Rahmân ve Rahîm Allah’ın adı ile.
{وَالْعَصْرِ (1) إِنَّ الْإِنْسَانَ لَفِي خُسْرٍ (2) إِلَّا الَّذِينَ آمَنُوا وَعَمِلُوا الصَّالِحَاتِ وَتَوَاصَوْا بِالْحَقِّ وَتَوَاصَوْا بِالصَّبْرِ (3)}
1- Andolsun asra/zamana ki,
2- İnsan kesinlikle zarardadır.
3- Ancak iman eden, salih ameller işleyen, birbirine hem hakkı hem de sabrı tavsiye edenler müstesnâ.
#
{1 ـ 3} أقسم تعالى بالعصر، الذي هو الليل والنهار، محل أفعال العباد وأعمالهم؛ أن كلَّ إنسانٍ خاسرٌ، والخاسر ضدُّ الرابح، والخسار مراتبُ متعدِّدةٌ متفاوتةٌ: قد يكون خساراً مطلقاً؛ كحال من خسر الدُّنيا والآخرة، وفاته النعيم، واستحقَّ الجحيم.
وقد يكون خاسراً من بعض الوجوه دون بعضٍ، ولهذا عمَّم اللهُ الخسار لكلِّ إنسانٍ؛ إلاَّ مَن اتَّصف بأربع صفات:
الإيمان بما أمر اللَّه بالإيمان به، ولا يكون الإيمان بدون العلم؛ فهو فرع عنه لا يتم إلا به.
والعمل الصالح، وهذا شاملٌ لأفعال الخير كلِّها، الظاهرة والباطنة، المتعلِّقة بحقوق الله وحقوق عباده، الواجبة والمستحبَّة.
والتَّواصي بالحقِّ الذي هو الإيمان والعمل الصالح؛ أي: يوصي بعضُهم بعضاً بذلك، ويحثُّه عليه، ويرغِّبه فيه.
والتَّواصي بالصَّبر على طاعة الله، وعن معصية الله، وعلى أقدار الله المؤلمة. فبالأمرين الأولين يكمِّل العبد نفسه، وبالأمرين الأخيرين يكمِّل غيره، وبتكميل الأمور الأربعة يكون العبد قد سلم من الخسار وفاز بالرِّبح العظيم.
1-3. Yüce Allah, kulların fiillerini ve amellerini işledikleri vakit olan gece gündüz anlamına gelen
“asra/zamana” yemin ederek, insanın zararda olduğunu bildirmektedir. Zararda olan ise kârda olanın zıddıdır.
Ziyana uğramanın, zarar etmenin birbirinden farklı bir çok derecesi vardır. Dünya ve âhireti kaybedip ebedi nimetleri elden kaçıran, cehennemi hak eden kimsenin halinde olduğu gibi her yönüyle bir zarar söz konusu olabildiği gibi; bazen bazı yönleri ile zarar, bazı yönleri ile zarar olmayan haller de olabilir. Bundan dolayı Yüce Allah, aşağıdaki dört vasfa sahip kimseler müstesnâ, bütün insanların zararda olduklarını dile getirmektedir.

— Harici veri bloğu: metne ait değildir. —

(* Let $G$ be a finite simple graph, and let $V_0 \subseteq V(G)$ be reducible using $\mathcal{S}$ and $X$. Let $G' = (G - X) - V_0$. If $\tau(G') \leq 2\nu(G')$, then $\tau(G) \leq 2\nu(G)$.
   Context: $\nu(G)$ is the maximum number of pairwise edge-disjoint triangles in $G$; $\tau(G)$ is the minimum size of an edge set $Y$ with $G-Y$ triangle-free. For a set $\mathcal{S}$ of triangles, an $\mathcal{S}$-edge is an edge of some triangle in $\mathcal{S}$. A nonempty set $V_0 \subseteq V(G)$ is reducible using $\mathcal{S}$ and $X$, where $\mathcal{S}$ is a set of pairwise edge-disjoint triangles of $G$ and $X \subseteq E(G)$, if (i) $|X| \leq 2|\mathcal{S}|$; (ii) $G - X$ has no triangle containing a vertex of $V_0$; and (iii) $X$ contains every $\mathcal{S}$-edge whose endpoints both lie outside $V_0$. *)

(* A finite simple graph on vertex type T : finType is given
   by its edge set E : {set {set T}}, every edge being a 2-element subset. *)
From mathcomp Require Import all_boot.
Set Implicit Arguments. Unset Strict Implicit. Unset Printing Implicit Defensive.

Section Triangles.
Variable T : finType.
Implicit Types (E Y X S : {set {set T}}) (t : {set T}).

Definition simple_graph E : Prop := forall e, e \in E -> #|e| = 2.

Definition triangle E t : bool :=
  (#|t| == 3) && [forall x in t, forall y in t, (x != y) ==> ([set x; y] \in E)].

Definition tri_edges t : {set {set T}} := [set e in powerset t | #|e| == 2].

Definition tri_packing E S : Prop :=
  (forall t, t \in S -> triangle E t) /\
  (forall t1 t2, t1 \in S -> t2 \in S -> t1 != t2 ->
     tri_edges t1 :&: tri_edges t2 = set0).

Definition tri_packingb E S : bool :=
  [forall t in S, triangle E t] &&
  [forall t1 in S, forall t2 in S,
     (t1 != t2) ==> (tri_edges t1 :&: tri_edges t2 == set0)].

Definition nu E : nat := \max_(S : {set {set T}} | tri_packingb E S) #|S|.

Definition triangle_free E : bool := [forall t : {set T}, ~~ triangle E t].

Definition tau E : nat :=
  \big[minn/#|E|]_(Y : {set {set T}} | (Y \subset E) && triangle_free (E :\: Y)) #|Y|.

Definition del_edges E X : {set {set T}} := E :\: X.

(* G - V0 : delete the vertices of V0 (together with all incident edges);
   the vertex set is implicit, remaining isolated vertices are irrelevant *)
Definition del_vertices E (V0 : {set T}) : {set {set T}} := [set e in E | [disjoint e & V0]].

Definition S_edges S : {set {set T}} := \bigcup_(t in S) tri_edges t.

Definition reducible E (V0 : {set T}) S X : Prop :=
  V0 != set0 /\
  tri_packing E S /\
  X \subset E /\
  #|X| <= 2 * #|S| /\
  (forall t, triangle (E :\: X) t -> [disjoint t & V0]) /\
  (forall e, e \in S_edges S -> [disjoint e & V0] -> e \in X).

End Triangles.

(* A minimum triangle cover Y' of G' = (G - X) - V0 together with X covers every
   triangle of G: a triangle avoiding X misses V0, hence lies in G' and is hit by Y'.
   A maximum triangle packing P of G' together with S is a packing of G: an edge of a
   triangle of G' has both ends outside V0 and lies outside X, so it is not an
   S-edge.  Hence tau(G) <= |Y'| + |X| <= 2 nu(G') + 2 |S| = 2 |P :|: S| <= 2 nu(G). *)

From HB Require Import structures.
From mathcomp Require Import all_boot.
Set Implicit Arguments. Unset Strict Implicit. Unset Printing Implicit Defensive.

(* minn has no unit on nat, but a commutative semigroup law is enough for bigD1. *)
HB.instance Definition _ := SemiGroup.isComLaw.Build nat minn minnA minnC.

Lemma bigmin_le (I : finType) (P : pred I) (F : I -> nat) x j :
  P j -> \big[minn/x]_(i | P i) F i <= F j.
Proof. by move=> Pj; rewrite (bigD1 j) //= geq_minl. Qed.

Lemma big_selective_attained (R I : Type) (op : R -> R -> R) x r (P : pred I) F :
  (forall a b, op a b = a \/ op a b = b) -> (exists2 j, P j & F j = x) ->
  exists2 j, P j & \big[op/x]_(i <- r | P i) F i = F j.
Proof.
move=> op_sel [j0 Pj0 Fj0].
apply: (big_ind (fun m => exists2 j, P j & m = F j)).
- by exists j0.
- move=> _ _ [ja Pja ->] [jb Pjb ->].
  by case: (op_sel (F ja) (F jb)) => ->; [exists ja | exists jb].
- by move=> j Pj; exists j.
Qed.

Lemma minn_selective (a b : nat) : minn a b = a \/ minn a b = b.
Proof. by rewrite /minn; case: ifP; [left | right]. Qed.

Lemma maxn_selective (a b : nat) : maxn a b = a \/ maxn a b = b.
Proof. by rewrite /maxn; case: ifP; [right | left]. Qed.

Section Triangles.
Variable T : finType.
Implicit Types (E P S X Y : {set {set T}}) (t e : {set T}).

Lemma tri_edgesP t e :
  reflect (exists x y, [/\ x \in t, y \in t, x != y & e = [set x; y]])
          (e \in tri_edges t).
Proof.
apply: (iffP idP) => [|[x [y [xt yt xy ->]]]].
  rewrite inE powersetE => /andP[et /cards2P [x [y [xy exy]]]].
  by exists x, y; split => //; apply: (subsetP et); rewrite exy !inE eqxx ?orbT.
rewrite inE powersetE cards2 xy eqxx andbT.
by apply/subsetP => z; rewrite !inE => /orP[]/eqP->.
Qed.

Lemma triangleE E t : triangle E t = (#|t| == 3) && (tri_edges t \subset E).
Proof.
congr (_ && _); apply/forallP/subsetP => [Ht e /tri_edgesP [x [y [xt yt xy ->]]] | tE x].
  by move/implyP: (Ht x) => /(_ xt) /forallP /(_ y); rewrite yt xy.
apply/implyP => xt; apply/forallP => y; apply/implyP => yt; apply/implyP => xy.
by apply: tE; apply/tri_edgesP; exists x, y.
Qed.

Lemma triangle_mono E1 E2 t : E1 \subset E2 -> triangle E1 t -> triangle E2 t.
Proof. by move=> E12; rewrite !triangleE => /andP[-> /subset_trans]; apply. Qed.

Lemma tri_edges_neq0 t : 1 < #|t| -> tri_edges t != set0.
Proof.
case/card_gt1P => x [y [xt yt xy]].
by apply/set0Pn; exists [set x; y]; apply/tri_edgesP; exists x, y.
Qed.

Lemma triangle_tri_edges_neq0 E t : triangle E t -> tri_edges t != set0.
Proof. by rewrite triangleE => /andP[/eqP t3 _]; apply: tri_edges_neq0; rewrite t3. Qed.

Lemma triangle_free0 : triangle_free (set0 : {set {set T}}).
Proof.
apply/forallP => t; apply/negP => /[dup] /triangle_tri_edges_neq0.
by rewrite triangleE subset0 => /negbTE ->; rewrite andbF.
Qed.

Lemma tri_packingP E S : reflect (tri_packing E S) (tri_packingb E S).
Proof.
apply: (iffP andP) => [[/forallP tri /forallP dis] | [tri dis]]; split.
- by move=> t tS; move/implyP: (tri t); apply.
- move=> t1 t2 t1S t2S t12; apply/eqP.
  by move/implyP: (dis t1) => /(_ t1S) /forallP /(_ t2); rewrite t2S t12.
- by apply/forallP => t; apply/implyP; apply: tri.
- apply/forallP => t1; apply/implyP => t1S; apply/forallP => t2; apply/implyP => t2S.
  by apply/implyP => t12; rewrite dis.
Qed.

Lemma tau_le E Y : Y \subset E -> triangle_free (E :\: Y) -> tau E <= #|Y|.
Proof. by move=> YE tfY; apply: bigmin_le; rewrite YE. Qed.

Lemma tau_attained E :
  exists2 Y : {set {set T}}, (Y \subset E) && triangle_free (E :\: Y) & #|Y| = tau E.
Proof.
have coverE : (E \subset E) && triangle_free (E :\: E).
  by rewrite subxx setDv triangle_free0.
have [Y coverY eqY] := @big_selective_attained _ _ minn #|E| (index_enum _)
  (fun Y => (Y \subset E) && triangle_free (E :\: Y)) (fun Y => #|Y|)
  minn_selective (ex_intro2 _ _ E coverE erefl).
by exists Y; last exact: esym eqY.
Qed.

Lemma nu_ge E P : tri_packing E P -> #|P| <= nu E.
Proof. by move/tri_packingP => packP; apply: (leq_bigmax_cond _ packP). Qed.

Lemma nu_attained E : exists2 P, tri_packing E P & #|P| = nu E.
Proof.
have pack0 : tri_packingb E set0 by apply/tri_packingP; split => t; rewrite inE.
have [P /tri_packingP packP eqP] := @big_selective_attained _ _ maxn 0 (index_enum _)
  (tri_packingb E) (fun P => #|P|) maxn_selective (ex_intro2 _ _ set0 pack0 (cards0 _)).
by exists P; last exact: esym eqP.
Qed.

Lemma tri_packing_union E P S :
  tri_packing E P -> tri_packing E S ->
  (forall t1 t2, t1 \in P -> t2 \in S -> tri_edges t1 :&: tri_edges t2 = set0) ->
  tri_packing E (P :|: S).
Proof.
move=> [triP disP] [triS disS] disPS; split.
  by move=> t; rewrite inE => /orP[]; [apply: triP | apply: triS].
move=> t1 t2; rewrite !inE => /orP[t1P|t1S] /orP[t2P|t2S] t12.
- exact: disP.
- exact: disPS.
- by rewrite setIC disPS.
- exact: disS.
Qed.

Lemma tri_packing_disjoint E P S :
  tri_packing E P ->
  (forall t1 t2, t1 \in P -> t2 \in S -> tri_edges t1 :&: tri_edges t2 = set0) ->
  P :&: S = set0.
Proof.
move=> [triP _] disPS; apply/setP => t; rewrite !inE; apply/negP => /andP[tP tS].
by move: (triangle_tri_edges_neq0 (triP t tP)); rewrite -(setIid (tri_edges t)) (disPS t t tP tS) eqxx.
Qed.

Section Reduction.
Variables (E X S : {set {set T}}) (V0 : {set T}).
Hypothesis XE : X \subset E.
Hypothesis avoid_V0 : forall t, triangle (E :\: X) t -> [disjoint t & V0].
Hypothesis S_edges_in_X : forall e, e \in S_edges S -> [disjoint e & V0] -> e \in X.

Let G' := del_vertices (del_edges E X) V0.

Lemma reduced_subset : G' \subset E.
Proof. by apply/subsetP => e; rewrite !inE => /andP[/andP[_ ->]]. Qed.

Lemma reduced_cover Y :
  Y \subset G' -> triangle_free (G' :\: Y) ->
  (Y :|: X \subset E) && triangle_free (E :\: (Y :|: X)).
Proof.
move=> YG' /forallP tfY; rewrite subUset XE (subset_trans YG' reduced_subset) /=.
apply/forallP => t; apply/negP => tri; apply: (negP (tfY t)).
have triX : triangle (E :\: X) t by apply: triangle_mono tri; rewrite setDS ?subsetUr.
move: tri; rewrite !triangleE => /andP[-> /subsetP tE] /=.
apply/subsetP => e et; move: (tE e et); rewrite !inE negb_or => /andP[/andP[eY eX] eE].
rewrite eY eX eE /=; apply: disjointWl (avoid_V0 triX).
by case/tri_edgesP: et => x [y [xt yt _ ->]]; rewrite subUset !sub1set xt yt.
Qed.

Lemma reduced_tri_edges_disjoint t1 t2 :
  triangle G' t1 -> t2 \in S -> tri_edges t1 :&: tri_edges t2 = set0.
Proof.
rewrite triangleE => /andP[_ /subsetP t1G'] t2S.
apply/setP => e; rewrite in_setI in_set0; apply/negP => /andP[e1 e2].
move: (t1G' e e1); rewrite !inE => /andP[/andP[eX _] eV0].
by rewrite S_edges_in_X in eX => //; apply/bigcupP; exists t2.
Qed.

End Reduction.

End Triangles.

Theorem lemma2p2 (T : finType) (E : {set {set T}}) (V0 : {set T})
    (S X : {set {set T}}) :
  simple_graph E ->
  reducible E V0 S X ->
  let G' := del_vertices (del_edges E X) V0 in
  tau G' <= 2 * nu G' ->
  tau E <= 2 * nu E.
Proof.
move=> _ [_ [packS [XE [XS [avoid_V0 S_edges_in_X]]]]] G' tauG'.
have [Y /andP[YG' tfY] cardY] := tau_attained G'.
have [P packP cardP] := nu_attained G'.
have [triP disP] := packP.
have disPS t1 t2 : t1 \in P -> t2 \in S -> tri_edges t1 :&: tri_edges t2 = set0.
  by move=> /triP t1G' t2S; apply: (reduced_tri_edges_disjoint S_edges_in_X t1G' t2S).
have packPS : tri_packing E (P :|: S).
  apply: tri_packing_union packS disPS; split => [t /triP|]; last exact: disP.
  exact/triangle_mono/reduced_subset.
have /andP[YXE tfYX] := reduced_cover XE avoid_V0 YG' tfY.
have tauE : tau E <= #|Y| + #|X| := leq_trans (tau_le YXE tfYX) (leq_card_setU _ _).
have cardPS : #|P :|: S| = #|P| + #|S|.
  by rewrite cardsU (tri_packing_disjoint packP disPS) cards0 subn0.
rewrite -cardY -cardP in tauG'.
apply: leq_trans tauE (leq_trans (leq_add tauG' XS) _).
by rewrite -mulnDr leq_pmul2l // -cardPS nu_ge.
Qed.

Söz konusu dört vasıf ie şunlardır:
İman: Allah’ın iman edilmesini emrettiği hususlara iman etmektir. İman, ilimsiz mümkün değildir. Zira iman, ilmin bir koludur. O, olmaksızın iman kemâle ermez.
Salih amel: Bu da hem Allah’ın hakları hem de kulların hakları ile ilgili olan, gizli ve açık, farz ve müstehap bütün hayırlı fiilleri kapsar.
Hakkı tavsiye: Buradaki hak, iman ve salih amel demektir. Yani iman edenlerin bunu birbirlerine tavsiye etmeleri, birbirlerini buna teşvik edip bu konuda onlarda arzu uyandırmalarıdır.
Sabrı tavsiye: Allah’a itaat üzere, Allah’a isyandan uzak kalmakta ve Allah’ın ızdırap verici takdirleri karşısında sabredip tahammül göstermeyi tavsiye etmek demektir.
İlk iki husus ile kişi kendi nefsini kemâle erdirirken, sonraki iki husus vasıtası ile de başkalarını kemale erdirir.
Bu dört hususun tam anlamı ile elde edilmesi ile kul, zarardan kurtulmuş, pek büyük bir kâr elde ederek umduğuna nail olmuş olur.
Asr Sûresi’nin tefsiri burada sona ermektedir.